ACTIVITY —
Search the records for the word "earlier" and report each line that has it.

*** RECORDS FOR THE TASK ***

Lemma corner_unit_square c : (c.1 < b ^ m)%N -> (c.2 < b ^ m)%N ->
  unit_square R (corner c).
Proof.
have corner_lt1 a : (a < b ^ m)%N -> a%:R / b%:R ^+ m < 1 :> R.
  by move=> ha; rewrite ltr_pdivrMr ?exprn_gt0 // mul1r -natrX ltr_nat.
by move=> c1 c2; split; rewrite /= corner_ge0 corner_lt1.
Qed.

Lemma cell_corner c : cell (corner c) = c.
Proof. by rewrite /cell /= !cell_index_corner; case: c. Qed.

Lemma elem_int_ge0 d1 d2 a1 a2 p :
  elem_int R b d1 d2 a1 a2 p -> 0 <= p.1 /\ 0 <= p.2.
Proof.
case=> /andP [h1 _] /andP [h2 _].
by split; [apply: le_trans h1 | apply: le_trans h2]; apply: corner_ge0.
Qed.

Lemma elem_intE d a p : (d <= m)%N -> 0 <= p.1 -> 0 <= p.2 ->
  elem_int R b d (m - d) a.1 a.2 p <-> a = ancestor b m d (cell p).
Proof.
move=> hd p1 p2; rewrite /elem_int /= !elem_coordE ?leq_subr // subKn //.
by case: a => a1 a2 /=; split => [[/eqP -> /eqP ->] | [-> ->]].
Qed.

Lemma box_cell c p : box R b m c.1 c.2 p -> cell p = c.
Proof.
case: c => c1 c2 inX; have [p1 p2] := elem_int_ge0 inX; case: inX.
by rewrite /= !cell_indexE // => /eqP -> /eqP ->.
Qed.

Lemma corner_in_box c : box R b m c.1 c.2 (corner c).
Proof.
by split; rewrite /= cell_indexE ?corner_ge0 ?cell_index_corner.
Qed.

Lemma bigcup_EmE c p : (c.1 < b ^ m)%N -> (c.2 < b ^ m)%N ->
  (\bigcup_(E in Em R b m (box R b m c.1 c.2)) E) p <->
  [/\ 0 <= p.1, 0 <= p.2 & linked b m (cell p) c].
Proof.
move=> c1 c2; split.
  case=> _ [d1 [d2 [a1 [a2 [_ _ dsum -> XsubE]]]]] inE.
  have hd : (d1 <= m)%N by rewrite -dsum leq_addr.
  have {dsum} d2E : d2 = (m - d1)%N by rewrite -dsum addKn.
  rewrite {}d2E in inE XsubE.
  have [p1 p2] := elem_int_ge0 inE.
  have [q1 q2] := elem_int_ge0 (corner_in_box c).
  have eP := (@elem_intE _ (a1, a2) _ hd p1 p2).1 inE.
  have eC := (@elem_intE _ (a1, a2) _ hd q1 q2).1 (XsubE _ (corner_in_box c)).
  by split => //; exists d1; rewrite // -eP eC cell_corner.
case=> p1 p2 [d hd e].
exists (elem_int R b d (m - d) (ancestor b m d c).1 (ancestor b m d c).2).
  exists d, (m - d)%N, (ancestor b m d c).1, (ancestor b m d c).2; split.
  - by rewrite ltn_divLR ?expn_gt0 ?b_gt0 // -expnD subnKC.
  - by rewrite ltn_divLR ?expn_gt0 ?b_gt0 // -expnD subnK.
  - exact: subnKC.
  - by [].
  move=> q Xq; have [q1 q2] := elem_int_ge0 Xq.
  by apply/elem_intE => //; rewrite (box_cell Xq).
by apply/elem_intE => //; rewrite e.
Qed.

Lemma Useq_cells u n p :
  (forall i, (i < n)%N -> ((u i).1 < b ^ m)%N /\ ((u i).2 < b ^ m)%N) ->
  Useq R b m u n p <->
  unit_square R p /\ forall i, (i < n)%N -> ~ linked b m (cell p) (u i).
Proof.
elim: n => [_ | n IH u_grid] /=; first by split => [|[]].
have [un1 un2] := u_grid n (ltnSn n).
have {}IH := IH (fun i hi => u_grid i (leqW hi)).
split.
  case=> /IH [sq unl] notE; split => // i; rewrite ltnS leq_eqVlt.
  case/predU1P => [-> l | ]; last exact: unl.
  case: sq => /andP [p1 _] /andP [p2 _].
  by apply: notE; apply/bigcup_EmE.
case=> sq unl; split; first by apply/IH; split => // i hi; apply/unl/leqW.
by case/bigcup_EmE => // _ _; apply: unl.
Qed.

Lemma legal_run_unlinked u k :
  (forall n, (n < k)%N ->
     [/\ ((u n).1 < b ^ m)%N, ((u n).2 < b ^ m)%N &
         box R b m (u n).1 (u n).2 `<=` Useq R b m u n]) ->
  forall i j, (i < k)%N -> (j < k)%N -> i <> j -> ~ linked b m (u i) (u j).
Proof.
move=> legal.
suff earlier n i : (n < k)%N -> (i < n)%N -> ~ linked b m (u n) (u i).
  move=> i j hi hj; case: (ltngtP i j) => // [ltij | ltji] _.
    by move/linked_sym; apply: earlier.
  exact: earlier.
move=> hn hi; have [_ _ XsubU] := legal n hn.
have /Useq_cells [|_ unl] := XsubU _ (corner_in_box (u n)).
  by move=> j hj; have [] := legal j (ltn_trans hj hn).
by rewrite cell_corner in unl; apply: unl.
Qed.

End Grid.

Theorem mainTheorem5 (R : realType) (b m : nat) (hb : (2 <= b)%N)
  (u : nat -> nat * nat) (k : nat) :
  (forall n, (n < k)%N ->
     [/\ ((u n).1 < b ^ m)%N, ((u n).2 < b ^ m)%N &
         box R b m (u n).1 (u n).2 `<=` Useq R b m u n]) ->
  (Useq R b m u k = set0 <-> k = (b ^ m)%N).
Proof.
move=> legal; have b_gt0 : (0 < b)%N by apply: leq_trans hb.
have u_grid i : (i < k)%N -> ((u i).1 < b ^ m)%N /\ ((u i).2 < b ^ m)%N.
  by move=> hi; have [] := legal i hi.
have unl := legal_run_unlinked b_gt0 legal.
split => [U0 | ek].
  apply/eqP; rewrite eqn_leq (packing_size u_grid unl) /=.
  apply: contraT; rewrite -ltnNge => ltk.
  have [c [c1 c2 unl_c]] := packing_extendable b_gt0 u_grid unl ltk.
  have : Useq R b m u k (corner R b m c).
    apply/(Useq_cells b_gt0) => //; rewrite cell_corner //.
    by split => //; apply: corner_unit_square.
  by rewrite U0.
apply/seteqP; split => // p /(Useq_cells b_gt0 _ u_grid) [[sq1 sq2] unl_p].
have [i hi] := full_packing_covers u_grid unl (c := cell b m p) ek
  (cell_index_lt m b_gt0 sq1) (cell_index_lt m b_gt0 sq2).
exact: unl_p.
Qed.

*** End of RECORDS FOR THE TASK ***
*** RECORDS FOR THE TASK ***

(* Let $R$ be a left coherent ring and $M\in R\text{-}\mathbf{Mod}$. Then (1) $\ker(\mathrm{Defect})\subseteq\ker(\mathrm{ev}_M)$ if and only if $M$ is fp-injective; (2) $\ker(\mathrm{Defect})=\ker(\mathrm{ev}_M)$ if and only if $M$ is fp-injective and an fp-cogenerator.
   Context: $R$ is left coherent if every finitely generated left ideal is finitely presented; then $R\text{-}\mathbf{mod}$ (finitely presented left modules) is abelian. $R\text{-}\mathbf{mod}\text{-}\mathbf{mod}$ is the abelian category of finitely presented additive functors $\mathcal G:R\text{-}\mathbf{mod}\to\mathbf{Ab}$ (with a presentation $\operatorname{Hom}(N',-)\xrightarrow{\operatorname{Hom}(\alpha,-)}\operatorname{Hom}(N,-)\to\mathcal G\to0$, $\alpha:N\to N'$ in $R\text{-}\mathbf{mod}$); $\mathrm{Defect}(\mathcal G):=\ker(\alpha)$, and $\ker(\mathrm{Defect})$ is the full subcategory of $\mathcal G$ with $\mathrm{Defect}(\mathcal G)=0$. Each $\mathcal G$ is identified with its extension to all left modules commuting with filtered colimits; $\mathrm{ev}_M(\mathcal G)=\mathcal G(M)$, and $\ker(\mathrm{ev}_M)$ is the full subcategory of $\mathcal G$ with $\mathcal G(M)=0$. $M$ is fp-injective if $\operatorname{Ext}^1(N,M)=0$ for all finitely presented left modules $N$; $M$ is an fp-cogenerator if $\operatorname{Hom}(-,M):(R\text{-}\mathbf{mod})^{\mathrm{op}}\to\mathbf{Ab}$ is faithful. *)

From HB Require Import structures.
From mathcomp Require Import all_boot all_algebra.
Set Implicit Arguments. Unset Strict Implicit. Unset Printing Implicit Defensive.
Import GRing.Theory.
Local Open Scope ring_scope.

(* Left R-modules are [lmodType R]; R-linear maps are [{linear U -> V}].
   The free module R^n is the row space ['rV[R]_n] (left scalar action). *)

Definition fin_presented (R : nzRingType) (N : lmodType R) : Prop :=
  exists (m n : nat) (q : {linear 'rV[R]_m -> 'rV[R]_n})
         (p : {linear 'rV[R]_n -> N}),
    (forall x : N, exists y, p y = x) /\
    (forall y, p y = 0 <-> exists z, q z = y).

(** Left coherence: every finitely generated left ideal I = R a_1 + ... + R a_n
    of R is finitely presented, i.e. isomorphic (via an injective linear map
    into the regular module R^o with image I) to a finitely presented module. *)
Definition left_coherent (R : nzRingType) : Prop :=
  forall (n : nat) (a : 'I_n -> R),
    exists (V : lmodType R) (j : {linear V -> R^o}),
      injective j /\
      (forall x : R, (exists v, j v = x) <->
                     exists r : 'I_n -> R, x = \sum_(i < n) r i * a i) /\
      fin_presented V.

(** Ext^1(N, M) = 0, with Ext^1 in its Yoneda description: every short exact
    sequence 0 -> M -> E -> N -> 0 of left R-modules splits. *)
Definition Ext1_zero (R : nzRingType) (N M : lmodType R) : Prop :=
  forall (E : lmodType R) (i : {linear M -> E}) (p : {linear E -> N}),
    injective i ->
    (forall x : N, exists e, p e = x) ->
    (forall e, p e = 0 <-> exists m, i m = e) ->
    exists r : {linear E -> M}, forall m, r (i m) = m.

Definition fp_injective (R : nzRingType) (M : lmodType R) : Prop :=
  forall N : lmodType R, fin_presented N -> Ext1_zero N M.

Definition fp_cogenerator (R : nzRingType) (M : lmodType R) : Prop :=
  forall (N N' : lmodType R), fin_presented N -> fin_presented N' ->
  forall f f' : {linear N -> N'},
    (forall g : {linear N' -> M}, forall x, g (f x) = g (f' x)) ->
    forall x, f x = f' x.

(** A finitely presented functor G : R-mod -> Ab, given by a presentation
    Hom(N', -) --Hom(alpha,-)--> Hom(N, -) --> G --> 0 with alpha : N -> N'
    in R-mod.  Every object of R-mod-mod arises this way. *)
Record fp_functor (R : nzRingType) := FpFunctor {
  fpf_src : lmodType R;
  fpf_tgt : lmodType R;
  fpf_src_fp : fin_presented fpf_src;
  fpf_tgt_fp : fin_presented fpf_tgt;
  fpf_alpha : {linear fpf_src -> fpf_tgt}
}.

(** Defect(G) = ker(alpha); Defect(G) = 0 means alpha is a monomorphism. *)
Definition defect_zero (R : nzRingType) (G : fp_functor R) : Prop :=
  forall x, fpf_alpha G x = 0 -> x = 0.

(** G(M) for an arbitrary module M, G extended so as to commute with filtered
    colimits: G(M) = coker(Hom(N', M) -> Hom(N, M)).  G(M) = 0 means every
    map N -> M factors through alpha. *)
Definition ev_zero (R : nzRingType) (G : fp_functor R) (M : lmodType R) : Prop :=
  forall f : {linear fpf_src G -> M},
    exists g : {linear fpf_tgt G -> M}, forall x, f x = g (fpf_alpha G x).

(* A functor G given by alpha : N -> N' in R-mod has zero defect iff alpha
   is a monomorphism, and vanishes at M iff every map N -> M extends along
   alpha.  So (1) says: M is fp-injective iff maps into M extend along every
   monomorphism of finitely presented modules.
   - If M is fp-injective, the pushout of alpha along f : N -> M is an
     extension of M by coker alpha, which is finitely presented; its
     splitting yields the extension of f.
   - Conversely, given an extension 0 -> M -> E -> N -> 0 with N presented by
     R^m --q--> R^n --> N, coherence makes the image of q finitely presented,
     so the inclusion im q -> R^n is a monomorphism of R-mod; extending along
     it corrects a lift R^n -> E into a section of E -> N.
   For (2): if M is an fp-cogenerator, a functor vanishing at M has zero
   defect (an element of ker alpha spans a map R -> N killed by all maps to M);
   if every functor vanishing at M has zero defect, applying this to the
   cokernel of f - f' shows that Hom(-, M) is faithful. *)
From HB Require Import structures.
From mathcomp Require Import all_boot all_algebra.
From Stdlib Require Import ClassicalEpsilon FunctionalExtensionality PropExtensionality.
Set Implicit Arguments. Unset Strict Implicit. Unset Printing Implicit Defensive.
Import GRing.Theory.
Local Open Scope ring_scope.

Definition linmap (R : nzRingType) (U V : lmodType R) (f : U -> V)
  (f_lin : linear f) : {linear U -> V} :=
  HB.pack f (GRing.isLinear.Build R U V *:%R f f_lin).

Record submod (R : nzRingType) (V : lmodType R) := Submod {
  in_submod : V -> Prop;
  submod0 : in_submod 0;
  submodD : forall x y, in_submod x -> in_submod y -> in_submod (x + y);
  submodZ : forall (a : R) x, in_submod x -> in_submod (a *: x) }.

*** End of RECORDS FOR THE TASK ***

RESPONSE AREA —
suff earlier n i : (n < k)%N -> (i < n)%N -> ~ linked b m (u n) (u i).
    by move/linked_sym; apply: earlier.
  exact: earlier.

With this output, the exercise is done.